Records excerpted from a collection

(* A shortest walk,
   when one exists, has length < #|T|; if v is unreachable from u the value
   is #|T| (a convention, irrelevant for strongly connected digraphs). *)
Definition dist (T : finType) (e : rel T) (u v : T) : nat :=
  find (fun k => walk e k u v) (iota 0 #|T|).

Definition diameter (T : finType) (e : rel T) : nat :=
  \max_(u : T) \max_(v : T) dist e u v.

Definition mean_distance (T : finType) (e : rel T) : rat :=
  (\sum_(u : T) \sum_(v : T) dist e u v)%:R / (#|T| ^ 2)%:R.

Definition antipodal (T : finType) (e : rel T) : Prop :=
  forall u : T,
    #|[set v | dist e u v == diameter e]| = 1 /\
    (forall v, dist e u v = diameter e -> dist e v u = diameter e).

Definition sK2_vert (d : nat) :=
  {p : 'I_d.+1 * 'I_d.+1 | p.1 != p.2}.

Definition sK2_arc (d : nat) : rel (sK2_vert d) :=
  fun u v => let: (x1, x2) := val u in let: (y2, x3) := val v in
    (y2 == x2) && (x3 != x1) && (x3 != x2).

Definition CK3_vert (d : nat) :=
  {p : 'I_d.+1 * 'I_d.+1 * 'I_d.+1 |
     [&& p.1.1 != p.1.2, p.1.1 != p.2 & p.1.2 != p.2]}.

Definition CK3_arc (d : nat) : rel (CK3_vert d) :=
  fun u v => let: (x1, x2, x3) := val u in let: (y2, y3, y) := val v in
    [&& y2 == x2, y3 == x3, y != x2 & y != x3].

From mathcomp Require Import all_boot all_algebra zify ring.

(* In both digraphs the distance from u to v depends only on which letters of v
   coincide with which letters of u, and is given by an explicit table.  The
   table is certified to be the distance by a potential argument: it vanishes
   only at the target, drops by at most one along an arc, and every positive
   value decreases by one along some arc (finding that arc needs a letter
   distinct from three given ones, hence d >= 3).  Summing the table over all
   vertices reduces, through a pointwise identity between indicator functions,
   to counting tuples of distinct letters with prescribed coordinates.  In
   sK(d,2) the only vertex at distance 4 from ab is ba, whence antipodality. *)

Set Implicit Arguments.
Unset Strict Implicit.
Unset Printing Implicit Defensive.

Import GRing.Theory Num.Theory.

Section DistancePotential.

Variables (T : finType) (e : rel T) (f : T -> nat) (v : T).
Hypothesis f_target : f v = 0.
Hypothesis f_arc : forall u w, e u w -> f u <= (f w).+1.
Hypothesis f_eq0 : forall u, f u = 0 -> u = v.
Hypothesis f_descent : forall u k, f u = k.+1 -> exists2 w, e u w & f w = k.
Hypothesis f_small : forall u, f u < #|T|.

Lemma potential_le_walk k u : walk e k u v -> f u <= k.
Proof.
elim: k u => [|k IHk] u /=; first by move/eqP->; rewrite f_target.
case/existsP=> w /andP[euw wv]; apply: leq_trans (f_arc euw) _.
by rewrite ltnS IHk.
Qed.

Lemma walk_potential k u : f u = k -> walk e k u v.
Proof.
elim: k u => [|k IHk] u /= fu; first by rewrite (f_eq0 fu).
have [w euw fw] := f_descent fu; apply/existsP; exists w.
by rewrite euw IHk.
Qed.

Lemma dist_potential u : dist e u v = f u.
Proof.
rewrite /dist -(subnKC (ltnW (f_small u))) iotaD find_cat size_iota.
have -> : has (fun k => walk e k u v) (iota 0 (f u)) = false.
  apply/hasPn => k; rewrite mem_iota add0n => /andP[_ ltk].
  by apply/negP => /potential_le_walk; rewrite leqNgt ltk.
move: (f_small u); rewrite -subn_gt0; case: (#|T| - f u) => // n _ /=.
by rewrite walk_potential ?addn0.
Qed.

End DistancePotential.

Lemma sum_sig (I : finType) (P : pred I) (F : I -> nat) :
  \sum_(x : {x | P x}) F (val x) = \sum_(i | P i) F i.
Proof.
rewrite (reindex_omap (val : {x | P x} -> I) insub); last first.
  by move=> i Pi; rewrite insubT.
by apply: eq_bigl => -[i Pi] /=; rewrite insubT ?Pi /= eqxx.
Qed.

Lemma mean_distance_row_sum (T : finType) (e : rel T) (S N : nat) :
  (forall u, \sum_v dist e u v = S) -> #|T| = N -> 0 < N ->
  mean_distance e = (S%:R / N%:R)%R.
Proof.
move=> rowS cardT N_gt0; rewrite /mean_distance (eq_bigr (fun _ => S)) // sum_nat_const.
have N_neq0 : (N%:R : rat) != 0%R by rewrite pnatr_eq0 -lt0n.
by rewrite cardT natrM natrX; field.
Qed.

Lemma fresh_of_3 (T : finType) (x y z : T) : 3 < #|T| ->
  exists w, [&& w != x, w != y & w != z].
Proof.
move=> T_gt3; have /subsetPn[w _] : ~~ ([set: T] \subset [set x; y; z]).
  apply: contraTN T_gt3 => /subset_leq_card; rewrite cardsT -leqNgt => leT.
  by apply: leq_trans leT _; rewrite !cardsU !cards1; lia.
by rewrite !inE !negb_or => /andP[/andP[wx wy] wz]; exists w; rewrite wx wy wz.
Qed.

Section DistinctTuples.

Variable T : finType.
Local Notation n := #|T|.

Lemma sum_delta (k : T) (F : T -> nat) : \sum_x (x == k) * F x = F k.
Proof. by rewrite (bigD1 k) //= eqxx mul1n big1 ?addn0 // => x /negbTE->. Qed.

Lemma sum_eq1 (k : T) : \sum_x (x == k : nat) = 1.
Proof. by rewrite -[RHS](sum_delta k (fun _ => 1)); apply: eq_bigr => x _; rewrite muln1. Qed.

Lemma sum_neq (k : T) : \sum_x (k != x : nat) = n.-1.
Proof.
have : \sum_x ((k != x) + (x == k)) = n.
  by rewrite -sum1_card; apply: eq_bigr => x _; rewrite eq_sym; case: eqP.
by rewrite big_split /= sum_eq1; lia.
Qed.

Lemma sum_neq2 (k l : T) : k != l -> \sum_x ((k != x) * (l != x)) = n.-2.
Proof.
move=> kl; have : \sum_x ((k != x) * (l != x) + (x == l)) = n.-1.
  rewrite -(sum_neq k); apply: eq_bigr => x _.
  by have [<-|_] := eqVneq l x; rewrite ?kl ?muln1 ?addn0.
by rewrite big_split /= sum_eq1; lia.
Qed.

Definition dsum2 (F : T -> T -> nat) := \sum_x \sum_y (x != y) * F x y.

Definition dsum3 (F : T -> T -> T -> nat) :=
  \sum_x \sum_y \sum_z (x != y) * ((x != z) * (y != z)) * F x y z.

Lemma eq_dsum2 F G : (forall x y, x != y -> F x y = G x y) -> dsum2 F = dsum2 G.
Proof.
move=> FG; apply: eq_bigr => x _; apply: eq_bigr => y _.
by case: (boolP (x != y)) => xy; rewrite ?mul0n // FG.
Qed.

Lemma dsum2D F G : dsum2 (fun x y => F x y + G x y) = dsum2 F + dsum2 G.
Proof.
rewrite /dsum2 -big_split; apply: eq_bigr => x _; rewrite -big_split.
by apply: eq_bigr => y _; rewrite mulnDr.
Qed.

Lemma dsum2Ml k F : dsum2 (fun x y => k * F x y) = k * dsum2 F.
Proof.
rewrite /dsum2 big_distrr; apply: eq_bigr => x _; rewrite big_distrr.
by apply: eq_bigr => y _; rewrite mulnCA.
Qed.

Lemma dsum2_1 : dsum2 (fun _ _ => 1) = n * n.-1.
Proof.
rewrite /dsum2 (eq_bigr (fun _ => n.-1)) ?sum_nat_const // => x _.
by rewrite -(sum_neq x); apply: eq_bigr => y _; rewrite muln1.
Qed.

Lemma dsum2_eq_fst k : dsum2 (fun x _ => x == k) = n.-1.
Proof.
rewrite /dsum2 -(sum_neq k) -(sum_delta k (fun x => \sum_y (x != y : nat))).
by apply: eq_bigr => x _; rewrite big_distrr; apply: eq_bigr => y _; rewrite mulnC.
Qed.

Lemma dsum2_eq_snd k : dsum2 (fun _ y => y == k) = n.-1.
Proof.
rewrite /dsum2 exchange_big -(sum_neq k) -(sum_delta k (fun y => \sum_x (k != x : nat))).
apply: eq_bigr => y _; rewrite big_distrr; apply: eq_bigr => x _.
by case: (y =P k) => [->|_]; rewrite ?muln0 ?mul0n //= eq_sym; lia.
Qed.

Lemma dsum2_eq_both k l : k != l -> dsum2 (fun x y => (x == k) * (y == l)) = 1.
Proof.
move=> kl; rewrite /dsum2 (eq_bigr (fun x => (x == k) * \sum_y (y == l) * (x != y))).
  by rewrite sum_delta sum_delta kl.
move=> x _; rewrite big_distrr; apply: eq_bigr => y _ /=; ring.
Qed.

> **Your objective**
Using the data above, print exactly the lines from the line that contains "mean_distance e = (S%:R / N%:R)%R." through the line that contains "apply: contraTN T_gt3", with both included.

> **Result for this task**
  mean_distance e = (S%:R / N%:R)%R.
Proof.
move=> rowS cardT N_gt0; rewrite /mean_distance (eq_bigr (fun _ => S)) // sum_nat_const.
have N_neq0 : (N%:R : rat) != 0%R by rewrite pnatr_eq0 -lt0n.
by rewrite cardT natrM natrX; field.
Qed.

Lemma fresh_of_3 (T : finType) (x y z : T) : 3 < #|T| ->
  exists w, [&& w != x, w != y & w != z].
Proof.
move=> T_gt3; have /subsetPn[w _] : ~~ ([set: T] \subset [set x; y; z]).
  apply: contraTN T_gt3 => /subset_leq_card; rewrite cardsT -leqNgt => leT.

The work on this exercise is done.